Here is a summary of the key points from the text:
1. There are now many companies that have developed large language models comparable to or better than GPT-3.5, with some achieving this with very small teams. This shows that developing these models has become commoditized.?
2. Firms with unique distribution advantages (like Microsoft), ability to fine-tune models, ensure legal compliance, etc. will still have competitive edges. Those just serving open models will not.
3. There is a "race to the bottom" on inference pricing for these models, with companies subsidizing costs to acquire customers. Mistral's Mixtral model sets pricing just below GPT-3.5, but then many companies announced even lower pricing, likely below cost.
4. Inference costs do not drop as quickly with increased batch size for mixture-of-experts models like Mixtral as they do for dense models. This limits the benefits of scale.
5. Speculative decoding methods can improve throughput but are less effective on mixture-of-experts models. Quantization can also help but risks quality losses without proper fine-tuning.
6. Upcoming hardware like the H200 and MI300X GPUs will significantly improve inference cost and performance for these large language models.

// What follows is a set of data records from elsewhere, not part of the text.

(* Let $V$ be a Lie superalgebra over $k$ such that for every ideal $W$ of $V$ the centre $Z(W)=\{w\in W:[w,W]=0\}$ is zero. Let $\mathcal A=\mathrm{Curr}(V)$. Then $\sigma(V)\subseteq V$ for every automorphism $\sigma$ of the $k$-conformal superalgebra $\mathcal A$ (where $V$ is identified with $1\otimes V\subseteq\mathcal A$).
   Context: Let $k$ be a field of characteristic $0$. A $k$-conformal superalgebra is a $\mathbb Z/2\mathbb Z$-graded $k$-space $\mathcal A$ with an even linear map $\partial_{\mathcal A}$ and bilinear products $a_{(n)}b$ ($n\in\mathbb Z_+$) with $a_{(n)}b=0$ for $n\gg0$, $(\partial_{\mathcal A}a)_{(n)}b=-na_{(n-1)}b$, $a_{(n)}\partial_{\mathcal A}b=\partial_{\mathcal A}(a_{(n)}b)+na_{(n-1)}b$; an automorphism is a bijective even linear map preserving all $n$-products and commuting with $\partial_{\mathcal A}$. The current conformal superalgebra of a Lie superalgebra $V$ is $\mathrm{Curr}(V)=k[\partial]\otimes_kV$, with $\partial_{\mathcal A}$ acting by multiplication by $\partial$, grading from $V$, and $n$-products determined by $v_{(0)}w=[v,w]$ and $v_{(n)}w=0$ for $n\ge1$ ($v,w\in V$), extended to all of $k[\partial]\otimes V$ via the axiom (CS1) above (equivalently $\lambda$-bracket $[p(\partial)v_\lambda q(\partial)w]=p(-\lambda)q(\partial+\lambda)[v,w]$). *)

From HB Require Import structures.
From mathcomp Require Import all_boot all_order all_algebra.
Set Implicit Arguments. Unset Strict Implicit. Unset Printing Implicit Defensive.
Import GRing.Theory.
Local Open Scope ring_scope.

Section LieSuper.
Variables (K : fieldType) (V : lmodType K).

(* Z/2-grading of V given by the (linear, idempotent) projection pi0 onto V_0
   along V_1; parity [false] = even, [true] = odd. *)
Definition homog (pi0 : V -> V) (b : bool) (x : V) : Prop :=
  pi0 x = (if b then 0 else x).

Definition sgn (b : bool) : K := (-1) ^+ b.

Record is_lie_superalgebra (pi0 : V -> V) (br : V -> V -> V) : Prop := {
  pi0_lin : forall (a : K) x y, pi0 (a *: x + y) = a *: pi0 x + pi0 y;
  pi0_idem : forall x, pi0 (pi0 x) = pi0 x;
  br_linl : forall (a : K) x y z, br (a *: x + y) z = a *: br x z + br y z;
  br_linr : forall (a : K) x y z, br z (a *: x + y) = a *: br z x + br z y;
  br_homog : forall i j x y, homog pi0 i x -> homog pi0 j y ->
     homog pi0 (i (+) j) (br x y);
  br_skew : forall i j x y, homog pi0 i x -> homog pi0 j y ->
     br x y = - (sgn (i && j) *: br y x);
  br_jacobi : forall i j x y z, homog pi0 i x -> homog pi0 j y ->
     br x (br y z) = br (br x y) z + sgn (i && j) *: br y (br x z)
}.

Definition is_ideal (pi0 : V -> V) (br : V -> V -> V) (W : V -> Prop) : Prop :=
  [/\ W 0, (forall (a : K) x y, W x -> W y -> W (a *: x + y)),
      (forall x, W x -> W (pi0 x)) & (forall v w, W w -> W (br v w))].

Definition centre_trivial (br : V -> V -> V) (W : V -> Prop) : Prop :=
  forall w, W w -> (forall w', W w' -> br w w' = 0) -> w = 0.

(* ---- The current conformal superalgebra Curr(V) = k[d] (x) V.
   An element sum_m d^m (x) f m is encoded by its finitely supported
   coefficient function f : nat -> V. *)
Definition finsupp (f : nat -> V) : Prop :=
  exists N, forall m, (N <= m)%N -> f m = 0.

Definition cemb (v : V) : nat -> V := fun m => if m is 0 then v else 0.

Definition cder (f : nat -> V) : nat -> V :=
  fun m => if m is m'.+1 then f m' else 0.

Definition chomog (pi0 : V -> V) (b : bool) (f : nat -> V) : Prop :=
  forall m, homog pi0 b (f m).

(* n-th product: from [d^i a _lambda d^j b] = (-lambda)^i (d+lambda)^j [a,b]
   and [a_lambda b] = sum_n lambda^n/n! a_(n) b one gets
   (d^i a)_(n) (d^j b) = n! (-1)^i C(j, n-i) d^(i+j-n) [a,b]  (i <= n). *)
Definition cprod (br : V -> V -> V) (n : nat) (f g : nat -> V) : nat -> V :=
  fun m => \sum_(i < n.+1)
    ((-1) ^+ i * ((n`! * 'C(m + n - i, n - i))%N)%:R) *: br (f i) (g (m + n - i)%N).

(* sigma (restricted to finitely supported functions, i.e. to Curr(V)) is an
   automorphism of the conformal superalgebra Curr(V). *)
Record curr_aut (pi0 : V -> V) (br : V -> V -> V)
    (sigma : (nat -> V) -> (nat -> V)) : Prop := {
  aut_supp : forall f, finsupp f -> finsupp (sigma f);
  aut_lin : forall (a : K) f g, finsupp f -> finsupp g ->
     sigma (fun m => a *: f m + g m) = (fun m => a *: sigma f m + sigma g m);
  aut_inj : forall f g, finsupp f -> finsupp g -> sigma f = sigma g -> f = g;
  aut_surj : forall g, finsupp g -> exists2 f, finsupp f & sigma f = g;
  aut_even : forall b f, finsupp f -> chomog pi0 b f -> chomog pi0 b (sigma f);
  aut_der : forall f, finsupp f -> sigma (cder f) = cder (sigma f);
  aut_prod : forall n f g, finsupp f -> finsupp g ->
     sigma (cprod br n f g) = cprod br n (sigma f) (sigma g)
}.

End LieSuper.

From HB Require Import structures.
From mathcomp Require Import all_boot all_order all_algebra.
From Stdlib Require Import FunctionalExtensionality.
Set Implicit Arguments. Unset Strict Implicit. Unset Printing Implicit Defensive.
Import GRing.Theory.
Local Open Scope ring_scope.

(* Write  img x := sigma (1 (x) x),  a finitely supported function nat -> V
   whose m-th coefficient is the d^m-component.  Since 1 (x) V is stable under
   the 0-product and killed by the higher products, the same holds for the
   images: img [x,y] = img x _(0) img y and  img x _(n+1) img y = 0.
   Surjectivity of sigma together with sigma d = d sigma shows that every v in V
   is the constant coefficient of some img x.
   Now fix d >= 1 and let W_d be the set of top coefficients img x (d) of those
   img x supported in degrees <= d.  By the facts above W_d is an ideal of V,
   and evaluating the vanishing 2d-product img x _(2d) img y at degree 0
   leaves only the term (-1)^d (2d)! [x_d, y_d]; as char k = 0 this forces
   W_d to be abelian.  Having zero centre, W_d = 0, so every img x supported in
   degrees <= d is supported in degrees <= d-1.  Descending induction from the
   finite support of img v shows img v is constant, i.e. lies in 1 (x) V. *)

Lemma semilinear_map0 (K : pzRingType) (U W : lmodType K) (f : U -> W) :
  (forall (a : K) x y, f (a *: x + y) = a *: f x + f y) -> f 0 = 0.
Proof.
move=> f_lin; have := f_lin 1 0 0; rewrite scale1r addr0 => f0_twice.
by apply: (@addrI _ (f 0)); rewrite addr0 {3}f0_twice scale1r.
Qed.

Lemma sign_fact_neq0 (K : fieldType) (k n : nat) :
  [pchar K] =i pred0 -> ((-1) ^+ k * (n`!)%:R : K) != 0.
Proof.
move=> /pcharf0P charK0.
by rewrite mulf_neq0 ?signr_eq0 // charK0 -lt0n fact_gt0.
Qed.

Section CurrentAlgebra.
Variables (K : fieldType) (V : lmodType K) (pi0 : V -> V) (br : V -> V -> V).
Hypothesis hV : is_lie_superalgebra pi0 br.

Lemma br0r z : br z 0 = 0.
Proof.
exact: (semilinear_map0 (f := fun x => br z x)) (fun a x y => br_linr hV a x y z).
Qed.

Lemma br0l z : br 0 z = 0.
Proof.
exact: (semilinear_map0 (f := fun x => br x z)) (fun a x y => br_linl hV a x y z).
Qed.

Lemma pi0_0 : pi0 0 = 0.
Proof. exact: semilinear_map0 (pi0_lin hV). Qed.

Lemma finsupp0 : finsupp (fun _ : nat => (0 : V)).
Proof. by exists 0%N. Qed.

Lemma finsupp_cemb (x : V) : finsupp (cemb x).
Proof. by exists 1%N; case. Qed.

Definition ctail (f : nat -> V) : nat -> V := fun m => f m.+1.

Lemma finsupp_ctail (f : nat -> V) : finsupp f -> finsupp (ctail f).
Proof. by case=> N HN; exists N => m Hm; apply: HN; apply: leqW. Qed.

Lemma finsupp_cder (f : nat -> V) : finsupp f -> finsupp (cder f).
Proof. by case=> N HN; exists N.+1; case => // m Hm; apply: HN. Qed.

Lemma curr_decomp (f : nat -> V) :
  f = fun m => 1 *: cemb (f 0%N) m + cder (ctail f) m.
Proof.
by apply: functional_extensionality; case => [|m] /=; rewrite scale1r ?addr0 ?add0r.
Qed.

Lemma cemb0 : cemb (0 : V) = fun _ => 0.
Proof. by apply: functional_extensionality; case. Qed.

Lemma cemb_lin (a : K) (x y : V) :
  cemb (a *: x + y) = fun m => a *: cemb x m + cemb y m.
Proof. by apply: functional_extensionality; case => //= m; rewrite scaler0 addr0. Qed.

Lemma cprod0E (f g : nat -> V) m : cprod br 0 f g m = br (f 0%N) (g m).
Proof.
by rewrite /cprod big_ord1 /= expr0 mul1r fact0 addn0 subn0 bin0 scale1r.
Qed.

Lemma cprod0_cemb x y : cprod br 0 (cemb x) (cemb y) = cemb (br x y).
Proof.
by apply: functional_extensionality => -[|m]; rewrite cprod0E //= br0r.
Qed.

Lemma cprodS_cemb n x y : cprod br n.+1 (cemb x) (cemb y) = fun _ => 0.
Proof.
apply: functional_extensionality => m; apply: big1 => -[[|i] _] _ /=.
  by rewrite subn0 addnS br0r scaler0.
by rewrite br0l scaler0.
Qed.

Definition bounded (d : nat) (g : nat -> V) : Prop :=
  forall m, (d < m)%N -> g m = 0.

Lemma cprod_top_coef d (f g : nat -> V) : bounded d f -> bounded d g ->
  cprod br (d + d) f g 0%N = ((-1) ^+ d * ((d + d)`!)%:R) *: br (f d) (g d).
Proof.
move=> bf bg; have top : (d < (d + d).+1)%N by rewrite ltnS leq_addl.
rewrite /cprod add0n (bigD1 (Ordinal top)) //= big1 ?addr0; last first.
  move=> [i Hi] /= /negbTE; rewrite -val_eqE /= => ne.
  have [lt|gt|eq] := ltngtP i d; last by rewrite eq eqxx in ne.
  - by rewrite bg ?br0r ?scaler0 // ltn_subRL ltn_add2r.
  - by rewrite bf ?br0l ?scaler0.
by rewrite addnK binn muln1.
Qed.

End CurrentAlgebra.

Section Automorphism.
Variables (K : fieldType) (V : lmodType K) (pi0 : V -> V) (br : V -> V -> V).
Hypothesis hV : is_lie_superalgebra pi0 br.
Variable sigma : (nat -> V) -> (nat -> V).
Hypothesis hs : curr_aut pi0 br sigma.

Definition img (x : V) : nat -> V := sigma (cemb x).

Lemma sigma0 : sigma (fun _ => 0) = fun _ => 0.
Proof.
have := aut_lin hs 1 (finsupp0 V) (finsupp0 V).
have -> : (fun m : nat => 1 *: (0 : V) + 0) = fun _ => 0.
  by apply: functional_extensionality => m; rewrite scale1r addr0.
set z := sigma _ => e; apply: functional_extensionality => m.
have twice : z m = z m + z m by rewrite {1}e /= scale1r.
by apply: (@addrI _ (z m)); rewrite addr0 -twice.
Qed.

Lemma img0 m : img 0 m = 0.
Proof. by rewrite /img cemb0 sigma0. Qed.

Lemma img_lin (a : K) x y m : img (a *: x + y) m = a *: img x m + img y m.
Proof.
by rewrite /img cemb_lin (aut_lin hs a (finsupp_cemb x) (finsupp_cemb y)).
Qed.

(* sigma is even, hence commutes with the projection onto V_0. *)
Lemma img_pi0 x m : pi0 (img x m) = img (pi0 x) m.
Proof.
have ex : x = 1 *: pi0 x + ((-1) *: pi0 x + x).
  by rewrite scale1r scaleN1r addrA addrN add0r.
rewrite {1}ex img_lin (pi0_lin hV) scale1r.
have even : pi0 (img (pi0 x) m) = img (pi0 x) m.
  apply: (aut_even hs (b := false) (finsupp_cemb (pi0 x))).
  by case => [|k]; rewrite /homog /= ?(pi0_0 hV) ?(pi0_idem hV).
have odd : pi0 (img ((-1) *: pi0 x + x) m) = 0.
  apply: (aut_even hs (b := true) (finsupp_cemb _)).
  case => [|k]; rewrite /homog /= ?(pi0_0 hV) //.
  by rewrite (pi0_lin hV) (pi0_idem hV) scaleN1r addNr.
by rewrite even odd addr0.
Qed.

Lemma img_br x y m : img (br x y) m = br (img x 0%N) (img y m).
Proof.
rewrite /img -(cprod0_cemb hV) (aut_prod hs 0 (finsupp_cemb x) (finsupp_cemb y)).
exact: cprod0E.
Qed.

Lemma img_cprodS n x y : cprod br n.+1 (img x) (img y) = fun _ => 0.
Proof.
rewrite /img -(aut_prod hs n.+1 (finsupp_cemb x) (finsupp_cemb y)).
by rewrite (cprodS_cemb hV) sigma0.
Qed.

(* Every v in V is the constant coefficient of some img x: write a preimage
   of 1 (x) v as 1 (x) f 0 + d (tail) and use sigma d = d sigma. *)
Lemma img_onto v : exists x, img x 0%N = v.
Proof.
have [f ff fe] := aut_surj hs (finsupp_cemb v).
exists (f 0%N); have := congr1 (fun g => g 0%N) fe.
rewrite {1}(curr_decomp f).
rewrite (aut_lin hs 1 (finsupp_cemb _) (finsupp_cder (finsupp_ctail ff))).
by rewrite (aut_der hs (finsupp_ctail ff)) /= scale1r addr0.
Qed.

Definition top_layer (d : nat) (z : V) : Prop :=
  exists x, bounded d (img x) /\ z = img x d.

Lemma top_layer_ideal d : is_ideal pi0 br (top_layer d).
Proof.
split.
- by exists 0; split => [m _|]; rewrite img0.
- move=> a z z' [x [bx ->]] [y [bz ->]]; exists (a *: x + y); split.
    by move=> m hm; rewrite img_lin bx // bz // scaler0 addr0.
  by rewrite img_lin.
- move=> z [x [bx ->]]; exists (pi0 x); split; last by rewrite img_pi0.
  by move=> m hm; rewrite -img_pi0 bx // (pi0_0 hV).
- move=> v z [x [bx ->]]; have [y <-] := img_onto v.
  exists (br y x); split; last by rewrite img_br.
  by move=> m hm; rewrite img_br bx // (br0r hV).
Qed.

(* For d >= 1, W_d is abelian: its brackets are killed by the 2d-product. *)
Lemma top_layer_abelian (hK : [pchar K] =i pred0) d z z' :
  top_layer d.+1 z -> top_layer d.+1 z' -> br z z' = 0.
Proof.
move=> [x [bx ->]] [y [byy ->]].
have := congr1 (fun g => g 0%N) (img_cprodS (d + d.+1) x y).
rewrite /= -addSn (cprod_top_coef hV bx byy) => /eqP.
by rewrite scaler_eq0 (negbTE (sign_fact_neq0 _ _ hK)) => /eqP.
Qed.

Lemma bounded_img_const (hK : [pchar K] =i pred0)
    (hZ : forall W : V -> Prop, is_ideal pi0 br W -> centre_trivial br W) d x :
  bounded d (img x) -> bounded 0 (img x).
Proof.
elim: d x => [|d IH] x bx //; apply: IH => m hm.
have [->|ne] := eqVneq m d.+1; last by apply: bx; rewrite ltn_neqAle eq_sym ne hm.
apply: (hZ _ (top_layer_ideal d.+1)); first by exists x.
by move=> w' hw'; apply: (top_layer_abelian hK _ hw'); exists x.
Qed.

End Automorphism.

Theorem mainTheorem12 (K : fieldType) (hK : [pchar K] =i pred0)
  (V : lmodType K) (pi0 : V -> V) (br : V -> V -> V)
  (hV : is_lie_superalgebra pi0 br)
  (hZ : forall W : V -> Prop, is_ideal pi0 br W -> centre_trivial br W)
  (sigma : (nat -> V) -> (nat -> V)) (hs : curr_aut pi0 br sigma) :
  forall v : V, exists w : V, sigma (cemb v) = cemb w.
Proof.
move=> v; exists (img sigma v 0%N).
have [N HN] := aut_supp hs (finsupp_cemb v).
have const : bounded 0 (img sigma v).
  by apply: (bounded_img_const hV hs hK hZ (d := N)) => m /ltnW; apply: HN.
by apply: functional_extensionality => -[|m] //; exact: const.
Qed.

Here are the key points made in the text:
1. The LLM API market began with OpenAI having a monopoly with ChatGPT, but now has multiple competitors like Bard, Claude, and Gemini. This competition erodes profit margins.

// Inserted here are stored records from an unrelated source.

Fixpoint Tn (F : Functor C) (n : nat) (X : C) : C :=
  match n with 0 => X | S m => Tn F m (F X) end.

Fixpoint Tn_map (F : Functor C) (n : nat) {X Y : C} (f : Hom X Y)
  : Hom (Tn F n X) (Tn F n Y) :=
  match n with 0 => f | S m => Tn_map F m (fmap F f) end.

End Basics.

Record TangentData (C : Cat) := {
  tT : Functor C;
  tpi : forall X : C, Hom (tT X) X;
  tzero : forall X : C, Hom X (tT X);
  tTm : nat -> C -> C;
  tpr : forall (k : nat) (X : C), nat -> Hom (tTm k X) (tT X);
  tplus : forall X : C, Hom (tTm 2 X) (tT X);
  tneg : forall X : C, Hom (tT X) (tT X);
  tlam : forall X : C, Hom (tT X) (tT (tT X));
  ttau : forall X : C, Hom (tT (tT X)) (tT (tT X)) }.

Arguments tT {C} t.
Arguments tpi {C} t X.
Arguments tzero {C} t X.
Arguments tTm {C} t k X.
Arguments tpr {C} t k X i.
Arguments tplus {C} t X.
Arguments tneg {C} t X.
Arguments tlam {C} t X.
Arguments ttau {C} t X.

Section Tangent.
Context {C : Cat} (t : TangentData C).
Local Notation T := (tT t).
Local Notation T1 f := (fmap (tT t) f).
Local Notation π := (tpi t).
Local Notation z0 := (tzero t).
Local Notation Tm := (tTm t).
Local Notation pr := (tpr t).
Local Notation pl := (tplus t).
Local Notation ng := (tneg t).
Local Notation λ := (tlam t).
Local Notation τ := (ttau t).

Definition tangent_axioms : Prop :=
  (forall X Y (f : Hom X Y), f ∘ π X = π Y ∘ T1 f) /\
  (forall X Y (f : Hom X Y), T1 f ∘ z0 X = z0 Y ∘ f) /\
  (forall X Y (f : Hom X Y) (h : Hom (Tm 2 X) (Tm 2 Y)),
      pr 2 Y 0 ∘ h = T1 f ∘ pr 2 X 0 -> pr 2 Y 1 ∘ h = T1 f ∘ pr 2 X 1 ->
      pl Y ∘ h = T1 f ∘ pl X) /\
  (forall X Y (f : Hom X Y), T1 f ∘ ng X = ng Y ∘ T1 f) /\
  (forall X Y (f : Hom X Y), T1 (T1 f) ∘ λ X = λ Y ∘ T1 f) /\
  (forall X Y (f : Hom X Y), T1 (T1 f) ∘ τ X = τ Y ∘ T1 (T1 f)) /\
  (forall k X, (1 <= k)%nat -> is_wide_pullback k (π X) (pr k X)) /\
  (forall k X, (1 <= k)%nat ->
      is_wide_pullback k (T1 (π X)) (fun i => T1 (pr k X i))) /\
  (* (pi_X, 0_X, +_X, -_X) is an abelian group object in C/X *)
  (forall X, π X ∘ z0 X = idm X) /\
  (forall X, π X ∘ pl X = π X ∘ pr 2 X 0) /\
  (forall X, π X ∘ ng X = π X) /\
  (forall X (h : Hom (T X) (Tm 2 X)),
      pr 2 X 0 ∘ h = z0 X ∘ π X -> pr 2 X 1 ∘ h = idm (T X) -> pl X ∘ h = idm (T X)) /\
  (forall X (h : Hom (Tm 2 X) (Tm 2 X)),
      pr 2 X 0 ∘ h = pr 2 X 1 -> pr 2 X 1 ∘ h = pr 2 X 0 -> pl X ∘ h = pl X) /\
  (forall X (a b c d : Hom (Tm 3 X) (Tm 2 X)),
      pr 2 X 0 ∘ a = pr 3 X 0 -> pr 2 X 1 ∘ a = pr 3 X 1 ->
      pr 2 X 0 ∘ b = pl X ∘ a -> pr 2 X 1 ∘ b = pr 3 X 2 ->
      pr 2 X 0 ∘ c = pr 3 X 1 -> pr 2 X 1 ∘ c = pr 3 X 2 ->
      pr 2 X 0 ∘ d = pr 3 X 0 -> pr 2 X 1 ∘ d = pl X ∘ c ->
      pl X ∘ b = pl X ∘ d) /\
  (forall X (h : Hom (T X) (Tm 2 X)),
      pr 2 X 0 ∘ h = idm (T X) -> pr 2 X 1 ∘ h = ng X -> pl X ∘ h = z0 X ∘ π X) /\
  (forall X, π (T X) ∘ τ X = T1 (π X)) /\
  (forall X, τ X ∘ τ X = idm (T (T X))) /\
  (forall X, T1 (τ X) ∘ τ (T X) ∘ T1 (τ X) = τ (T X) ∘ T1 (τ X) ∘ τ (T X)) /\
  (* tau additive: (T^2X, T pi, T0, T+) -> (T^2X, pi T, 0 T, + T) *)
  (forall X, τ X ∘ T1 (z0 X) = z0 (T X)) /\
  (forall X (h : Hom (T (Tm 2 X)) (Tm 2 (T X))),
      pr 2 (T X) 0 ∘ h = τ X ∘ T1 (pr 2 X 0) ->
      pr 2 (T X) 1 ∘ h = τ X ∘ T1 (pr 2 X 1) ->
      pl (T X) ∘ h = τ X ∘ T1 (pl X)) /\
  (* lift lambda: additive into (T pi, T0, T+) and into (pi T, 0 T, + T) *)
  (forall X, T1 (π X) ∘ λ X = z0 X ∘ π X) /\
  (forall X, π (T X) ∘ λ X = z0 X ∘ π X) /\
  (forall X, λ X ∘ z0 X = T1 (z0 X) ∘ z0 X) /\
  (forall X, λ X ∘ z0 X = z0 (T X) ∘ z0 X) /\
  (forall X (h : Hom (Tm 2 X) (T (Tm 2 X))),
      T1 (pr 2 X 0) ∘ h = λ X ∘ pr 2 X 0 -> T1 (pr 2 X 1) ∘ h = λ X ∘ pr 2 X 1 ->
      λ X ∘ pl X = T1 (pl X) ∘ h) /\
  (forall X (h : Hom (Tm 2 X) (Tm 2 (T X))),
      pr 2 (T X) 0 ∘ h = λ X ∘ pr 2 X 0 -> pr 2 (T X) 1 ∘ h = λ X ∘ pr 2 X 1 ->
      λ X ∘ pl X = pl (T X) ∘ h) /\
  (forall X, λ (T X) ∘ λ X = T1 (λ X) ∘ λ X) /\
  (forall X, τ X ∘ λ X = λ X) /\
  (forall X, T1 (τ X) ∘ τ (T X) ∘ T1 (λ X) = λ (T X) ∘ τ X) /\
  (forall X (pp : Hom (T (T X)) (Tm 2 X)) (zz : Hom X (Tm 2 X)),
      pr 2 X 0 ∘ pp = π (T X) -> pr 2 X 1 ∘ pp = T1 (π X) ->
      pr 2 X 0 ∘ zz = z0 X -> pr 2 X 1 ∘ zz = z0 X ->
      is_pullback pp zz (λ X) (π X)).

Fixpoint zn (n : nat) (X : C) : Hom X (Tn T n X) :=
  match n with
  | 0 => idm X
  | S m => Tn_map T m (z0 X) ∘ zn m X
  end.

2. There is a "ruthless competition for efficiency" as companies aim to serve LLMs at the lowest cost possible through optimizations like quantization and building custom chips.?
3. There is a bifurcation occurring between expensive, high-quality models from big labs and cheaper, lower-quality open weight models. The open models are steadily improving in quality and decreasing in cost.
4. Most economically valuable LLM tasks likely do not require the most complex, expensive models. As tooling makes switching between APIs easier, developers will opt for the lowest cost model that can accomplish their task.?
5. Successful consumer LLM companies will start training their own models to reduce dependence on expensive APIs from other providers.
6. The market seems to be converging towards low-cost models for simpler tasks, with only the most complex tasks still requiring the biggest, most expensive models from labs like OpenAI.